EU member states and other international donors provide funds not only to aid in the realization of important societal changes for the benefit of populations, but also as a means of promoting international cultural relations. The cultivation of such relations is meant to be a “considerable asset to promote cultural policies as drivers for peace and socio-economic development in third countries,” in order to advance “objectives to promote international peace and stability, safeguard diversity, and stimulate jobs and growth.”

Despite Palestinian inadequacies in regards to adopting universal values such as gender equality or human rights, European governments and international organizations continue to flood Palestinian NGOs with funds. Moreover, many of these organizations—some of whom are signatories to the “code of conduct” discussed above—even serve in official capacities with organizations such as the UN.

For example, leading member of the Code of Conduct Coalition, PNGO (see above), which counts thirteen women’s organizations among its members, is entrusted with the task of strengthening, coordinating, and networking “civil society” by a number of European governments, including the EU and Norway. Together with the Association of International Development Agencies (AIDA), a European NGO network, PNGO also enjoys permanent representation in the UN’s Humanitarian Country Team, which coordinates all humanitarian aid in the West Bank and Gaza. This comes with a seat on the advisory board of the UN’s humanitarian emergency pooled fund, a position granting it decision-making power in selecting the fund’s beneficiaries. In 2017, $3.1 million of the fund’s allocations went to member organizations of either AIDA or PNGO – meaning that these two networks ensured that their own member NGOs received roughly 40% of the total funding ($7.9 million as of October 2017). This grants PNGO a significant amount of influence over Palestinian NGOs and their agendas. More importantly however, it also coerces its members—including its women’s organizations—to toe the line with an extreme political agenda, effectively marginalizing any moderate alternative voices.

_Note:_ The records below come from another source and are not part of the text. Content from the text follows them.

(* Let $k\ge 3$ and $A\in\mathcal{M}_d$. Then $$\operatorname{tr}_1\big[(1\,2\cdots k)^{T_k}(A\otimes\mathbb{1}^{\otimes(k-1)})\big]=\Big(\cdots\big((A\otimes\mathbb{1}^{\otimes(k-2)})^{R_{k-1,k-2}}\big)^{R_{k-1,k-3}}\cdots\Big)^{R_{k-1,1}},$$ i.e. the reshufflings $R_{k-1,k-2},R_{k-1,k-3},\dots,R_{k-1,1}$ are applied successively, in this order, to $A\otimes\mathbb{1}^{\otimes(k-2)}\in\mathcal{M}_d^{\otimes(k-1)}$.
   Context: $\mathcal{M}_d$ denotes complex $d\times d$ matrices; $\{|i\rangle\}$ is a fixed orthonormal basis of $\mathbb{C}^d$. A permutation $\sigma\in S_k$ acts on $(\mathbb{C}^d)^{\otimes k}$ by $\sigma|v_1\rangle\otimes\cdots\otimes|v_k\rangle=|v_{\sigma^{-1}(1)}\rangle\otimes\cdots\otimes|v_{\sigma^{-1}(k)}\rangle$; $(1\,2\cdots k)$ is the cycle $1\to2\to\cdots\to k\to1$. $T_k$ is the partial transpose on the $k$-th factor in the basis $\{|i\rangle\}$; $\operatorname{tr}_1$ is the partial trace over the first factor. Reshuffling of sites $a,b$ on $\mathcal{M}_d^{\otimes n}$: $R_{a,b}$ is the linear map defined on basis elements by sending $|i_1\dots i_n\rangle\langle j_1\dots j_n|$ to the operator obtained by exchanging the $a$-th ket index $i_a$ with the $b$-th bra index $j_b$, i.e. the new $a$-th ket index is $j_b$ and the new $b$-th bra index is $i_a$, all other indices unchanged. *)

From HB Require Import structures.
From mathcomp Require Import all_boot all_order all_fingroup all_algebra.
Set Implicit Arguments. Unset Strict Implicit. Unset Printing Implicit Defensive.
Import GRing.Theory Num.Theory.
Local Open Scope ring_scope.

(* Operators on (C^d)^{\otimes n}, given by their matrix entries
   <i_1..i_n| X |j_1..j_n> in the product basis; sites are numbered 0..n-1
   (site s here is site s+1 of the paper). *)
Definition idx (d n : nat) := {ffun 'I_n -> 'I_d}.
Definition op (C : Type) (d n : nat) := idx d n -> idx d n -> C.

Section Ops.
Variables (C : comNzRingType) (d : nat).

Definition opmul n (X Y : op C d n) : op C d n :=
  fun i j => \sum_(l : idx d n) X i l * Y l j.

(* permutation operator: sigma |v_1..v_n> = |v_{sigma^-1 1} .. v_{sigma^-1 n}> *)
Definition perm_op n (s : {perm 'I_n}) : op C d n :=
  fun i j => [forall m : 'I_n, i m == j ((s^-1)%g m)]%:R.

Definition set_idx n (i : idx d n) (s : 'I_n) (a : 'I_d) : idx d n :=
  [ffun l => if l == s then a else i l].

Definition ptrans n (t : 'I_n) (X : op C d n) : op C d n :=
  fun p q => X (set_idx p t (q t)) (set_idx q t (p t)).

(* reshuffling R_{a,b}: |i><j| |-> exchange ket index i_a with bra index j_b *)
Definition reshuffle n (a b : 'I_n) (X : op C d n) : op C d n :=
  fun p q => X (set_idx p a (q b)) (set_idx q b (p a)).

Definition cons_idx n (a : 'I_d) (i : idx d n) : idx d n.+1 :=
  [ffun l => if unlift ord0 l is Some l' then i l' else a].

Definition ptr1 n (X : op C d n.+1) : op C d n :=
  fun i j => \sum_(a : 'I_d) X (cons_idx a i) (cons_idx a j).

Definition ampl (A : 'M[C]_d) n : op C d n.+1 :=
  fun i j => A (i ord0) (j ord0) *
             [forall l : 'I_n, i (lift ord0 l) == j (lift ord0 l)]%:R.
End Ops.

(* the cycle (1 2 ... k): site s |-> site s+1 (mod k) *)
Definition cyc (k : nat) : {perm 'I_k} := perm (@ordS_inj k).

From HB Require Import structures.
From mathcomp Require Import all_boot all_order all_fingroup all_algebra.
From Stdlib Require Import FunctionalExtensionality.
Set Implicit Arguments. Unset Strict Implicit. Unset Printing Implicit Defensive.
Import GRing.Theory.
Local Open Scope ring_scope.

(* On the left, write the row and
   column multi-indices of the (m+2)-site operator as (a, i) and (b, j): the
   partially transposed cycle is the indicator of a = i_m, b = i_0 and
   (j_0, ..., j_(m-1)) = (i_1, ..., i_(m-1), j_m), so tracing out the first
   factor against A leaves A_(i_0, i_m) times that last condition.  On the
   right, the reshufflings R_(m,m-1), ..., R_(m,0) together shift the bra
   indices of sites 0..m-1 one site up, feed the ket index of site m into
   site 0 and move the bra index of site m-1 into the ket slot of site m;
   evaluating A ⊗ 1 at the result gives the same entry. *)

Lemma forall_ordS n (P : pred 'I_n.+1) :
  [forall s, P s] = P ord0 && [forall s : 'I_n, P (lift ord0 s)].
Proof.
apply/forallP/andP => [P_all | [P0 /forallP P_lift] s].
  by split; last apply/forallP.
by case: (unliftP ord0 s) => [r|] ->.
Qed.

Lemma widen_ord0 n : widen_ord (leqnSn n.+1) ord0 = ord0.
Proof. exact: val_inj. Qed.

Lemma widen_lift0 n (k : 'I_n) :
  widen_ord (leqnSn n.+1) (lift ord0 k) = lift ord0 (widen_ord (leqnSn n) k).
Proof. exact: val_inj. Qed.

Lemma widen_ord_eq_max n (k : 'I_n) : (widen_ord (leqnSn n) k == ord_max) = false.
Proof. by rewrite -val_eqE /= ltn_eqF. Qed.

Lemma lift0_eq_max n (k : 'I_n.+1) : (lift ord0 k == ord_max) = (k == ord_max).
Proof. by rewrite -!val_eqE /= eqSS. Qed.

Lemma cyc_max n : cyc n.+1 ord_max = ord0.
Proof. by apply: val_inj; rewrite /cyc permE; apply: modnn. Qed.

Lemma cyc_widen n (k : 'I_n) : cyc n.+1 (widen_ord (leqnSn n) k) = lift ord0 k.
Proof. by apply: val_inj; rewrite /cyc permE /= modn_small ?ltnS. Qed.

Lemma cycV0 n : ((cyc n.+1)^-1 ord0)%g = ord_max.
Proof. by rewrite -(cyc_max n) permK. Qed.

Lemma cycV_lift0 n (k : 'I_n) :
  ((cyc n.+1)^-1 (lift ord0 k))%g = widen_ord (leqnSn n) k.
Proof. by rewrite -cyc_widen permK. Qed.

Lemma iota0S n : iota 0 n.+1 = rcons (iota 0 n) n.
Proof. by rewrite -addn1 iotaD cats1. Qed.

Lemma sum_mul_natr_eq (R : pzSemiRingType) (T : finType) (F : T -> R) (y : T) :
  \sum_(x : T) F x * (x == y)%:R = F y.
Proof.
rewrite (bigD1 y) //= eqxx mulr1 big1 ?addr0 // => x /negPf ->.
by rewrite mulr0.
Qed.

Section MultiIndices.
Variable d : nat.

Lemma set_idxE n (i : idx d n) s a t : set_idx i s a t = if t == s then a else i t.
Proof. by rewrite ffunE. Qed.

Lemma set_idx_id n (i : idx d n) s a b : set_idx (set_idx i s a) s b = set_idx i s b.
Proof. by apply/ffunP => t; rewrite !set_idxE; case: eqP. Qed.

Lemma cons_idx0 n a (i : idx d n) : cons_idx a i ord0 = a.
Proof. by rewrite ffunE unlift_none. Qed.

Lemma cons_idx_lift0 n a (i : idx d n) s : cons_idx a i (lift ord0 s) = i s.
Proof. by rewrite ffunE liftK. Qed.

Lemma cons_idx_max n a (i : idx d n.+1) : cons_idx a i ord_max = i ord_max.
Proof.
by rewrite (_ : ord_max = lift ord0 ord_max) ?cons_idx_lift0 //; apply: val_inj.
Qed.

Lemma set_idx_cons_max n a (i : idx d n.+1) c :
  set_idx (cons_idx a i) ord_max c = cons_idx a (set_idx i ord_max c).
Proof.
apply/ffunP => s; case: (unliftP ord0 s) => [r|] ->.
  by rewrite set_idxE !cons_idx_lift0 set_idxE lift0_eq_max.
by rewrite set_idxE !cons_idx0.
Qed.

Lemma sum_idxS (C : nmodType) n (F : idx d n.+1 -> C) :
  \sum_(l : idx d n.+1) F l = \sum_(a : 'I_d) \sum_(i : idx d n) F (cons_idx a i).
Proof.
rewrite pair_big /= (reindex (fun ai : 'I_d * idx d n => cons_idx ai.1 ai.2)) //.
exists (fun l : idx d n.+1 => (l ord0, [ffun s => l (lift ord0 s)])).
  move=> [a i] _ /=; rewrite cons_idx0; congr pair.
  by apply/ffunP => s; rewrite ffunE cons_idx_lift0.
move=> l _; apply/ffunP => s; case: (unliftP ord0 s) => [r|] ->.
  by rewrite [LHS]ffunE liftK ffunE.
by rewrite cons_idx0.
Qed.

Definition shift_match n (i j : idx d n.+1) : bool :=
  [forall k : 'I_n,
     set_idx i ord_max (j ord_max) (lift ord0 k) == j (widen_ord (leqnSn n) k)].

End MultiIndices.

Section Operators.
Variables (C : comNzRingType) (d : nat).

Lemma ampl_cons (A : 'M[C]_d) n a b (i j : idx d n) :
  ampl (n := n) A (cons_idx a i) (cons_idx b j) = A a b * (i == j)%:R.
Proof.
rewrite /ampl !cons_idx0; congr (_ * (nat_of_bool _)%:R).
apply/forallP/eqP => [eq_ij | -> l]; last by rewrite !cons_idx_lift0.
apply: (iffLR (ffunP _ _)) => l.
by have /eqP := eq_ij l; rewrite !cons_idx_lift0.
Qed.

Lemma ptr1_mul_ampl (A : 'M[C]_d) n (X : op C d n.+1) (i j : idx d n) :
  ptr1 (opmul X (ampl (n := n) A)) i j =
  \sum_(a : 'I_d) \sum_(b : 'I_d) X (cons_idx a i) (cons_idx b j) * A b a.
Proof.
apply: eq_bigr => a _; rewrite /opmul sum_idxS; apply: eq_bigr => b _.
under eq_bigr => l _ do rewrite ampl_cons mulrA.
exact: sum_mul_natr_eq.
Qed.

Lemma ptrans_cyc_cons n a b (i j : idx d n.+2) :
  ptrans ord_max (perm_op C (cyc n.+3)) (cons_idx a i) (cons_idx b j) =
  [&& a == i ord_max, b == i ord0 & shift_match i j]%:R.
Proof.
rewrite /ptrans /perm_op !cons_idx_max !set_idx_cons_max 2!forall_ordS.
rewrite cycV0 cycV_lift0 widen_ord0 !cons_idx0 cons_idx_max set_idxE eqxx.
rewrite cons_idx_lift0 set_idxE -val_eqE /= [i ord0 == b]eq_sym /shift_match.
by under eq_forallb => k do rewrite cons_idx_lift0 cycV_lift0 widen_lift0
  cons_idx_lift0 [set_idx j _ _ _]set_idxE widen_ord_eq_max.
Qed.

Lemma foldr_reshuffle m (X : op C d m.+1) n (p q : idx d m.+1) :
  (n <= m.+1)%N ->
  foldr (fun b Y => reshuffle ord_max (inord b) Y) X (iota 0 n) p q =
  X (set_idx p ord_max (cons_idx (p ord_max) q (inord n)))
    [ffun r : 'I_m.+1 => if (r < n)%N
                         then cons_idx (p ord_max) q (widen_ord (leqnSn m.+1) r)
                         else q r].
Proof.
elim: n X => [|n IHn] X le_n_m.
  congr X; last by apply/ffunP => r; rewrite ffunE.
  apply/ffunP => r; rewrite set_idxE (_ : inord 0 = ord0) ?cons_idx0.
    by case: eqP => [->|].
  by apply: val_inj; rewrite /= inordK.
rewrite iota0S foldr_rcons IHn ?(ltnW le_n_m) // /reshuffle set_idxE eqxx set_idx_id.
have c_next : cons_idx (p ord_max) q (inord n.+1) = q (inord n).
  rewrite (_ : inord n.+1 = lift ord0 (inord n)) ?cons_idx_lift0 //.
  by apply: val_inj; rewrite /= !inordK.
have widen_n : widen_ord (leqnSn m.+1) (inord n) = inord n.
  by apply: val_inj; rewrite /= !inordK //; apply: ltnW.
set c := cons_idx (p ord_max) q in c_next *.
clearbody c; congr X; first by rewrite ffunE inordK // ltnn c_next.
apply/ffunP => r; rewrite set_idxE !ffunE ltnS [(r <= n)%N]leq_eqVlt.
case: (r =P inord n) => [-> | ne_rn]; first by rewrite inordK // eqxx widen_n.
rewrite (_ : val r == n = false) //.
by apply: contra_notF ne_rn => /eqP <-; rewrite inord_val.
Qed.

Lemma ptr1_cyc_ampl (A : 'M[C]_d) n (i j : idx d n.+2) :
  ptr1 (opmul (ptrans ord_max (perm_op C (cyc n.+3))) (ampl (n := n.+2) A)) i j =
  A (i ord0) (i ord_max) * (shift_match i j)%:R.
Proof.
have factor a b :
    [&& a == i ord_max, b == i ord0 & shift_match i j]%:R * A b a =
    (shift_match i j)%:R * A b a * (b == i ord0)%:R * (a == i ord_max)%:R.
  by case: (a == _); case: (b == _); rewrite /= ?(mulr1, mulr0, mul0r).
rewrite ptr1_mul_ampl.
under eq_bigr => a _ do under eq_bigr => b _ do rewrite ptrans_cyc_cons factor.
under eq_bigr => a _ do rewrite -mulr_suml sum_mul_natr_eq.
by rewrite sum_mul_natr_eq mulrC.
Qed.

Lemma reshuffles_ampl (A : 'M[C]_d) n (i j : idx d n.+2) :
  foldr (fun b Y => reshuffle ord_max (inord b) Y) (ampl (n := n.+1) A)
        (iota 0 n.+1) i j =
  A (i ord0) (i ord_max) * (shift_match i j)%:R.
Proof.
have ket : cons_idx (i ord_max) j (inord n.+1) = j (widen_ord (leqnSn n.+1) ord_max).
  rewrite (_ : inord n.+1 = lift ord0 (widen_ord (leqnSn n.+1) ord_max)).
    exact: cons_idx_lift0.
  by apply: val_inj; rewrite /= inordK.
rewrite foldr_reshuffle // ket /ampl /shift_match set_idxE /=.
set bra := [ffun r : 'I_n.+2 => _].
have bra0 : bra ord0 = i ord_max by rewrite ffunE /= widen_ord0 cons_idx0.
have bra_lift (l : 'I_n.+1) : bra (lift ord0 l) =
    if l == ord_max then j ord_max else j (widen_ord (leqnSn n.+1) l).
  rewrite ffunE /= ltnS; case: (l =P ord_max) => [-> | /eqP ne_l_max].
    by rewrite ltnn (_ : lift ord0 ord_max = ord_max) //; apply: val_inj.
  move: ne_l_max; rewrite ltn_neqAle -ltnS ltn_ord andbT -val_eqE /= => ->.
  by rewrite widen_lift0 cons_idx_lift0.
rewrite bra0; congr (_ * (nat_of_bool _)%:R); apply: eq_forallb => l.
rewrite bra_lift !set_idxE lift0_eq_max.
by case: (l =P ord_max) => [-> | _]; first exact: eq_sym.
Qed.

End Operators.

Theorem proposition5 (C : numClosedFieldType) (d m : nat) (hm : (1 <= m)%N)
    (A : 'M[C]_d) :
  ptr1 (opmul (ptrans ord_max (@perm_op C d m.+2 (cyc m.+2))) (@ampl C d A m.+1))
  = foldl (fun (X : op C d m.+1) (b : nat) => reshuffle ord_max (inord b) X)
          (@ampl C d A m) (rev (iota 0 m)).
Proof.
case: m hm => // n _.
apply: functional_extensionality => i; apply: functional_extensionality => j.
by rewrite foldl_rev ptr1_cyc_ampl reshuffles_ampl.
Qed.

Other times, European and international funders are simply unaware of where their funds are being used. For example, the Community Action Center (CAC) at Al-Quds University participated as an implementing partner in a project led by the Norwegian Refugee Council (NRC) that received over $4.5 million from the governments of the United Kingdom and Spain. CAC retains employees such as Ilham Shaheen, a community organizer, who espouses extremist ideologies that support violence and terrorism on social media (see appendix). One image of a young woman wearing a checkered black and white headscarf and carrying an assault rifle was emblazoned with the text “I love the revolution! All the beautiful girls who join will be the noblest!” (NGO Monitor translation).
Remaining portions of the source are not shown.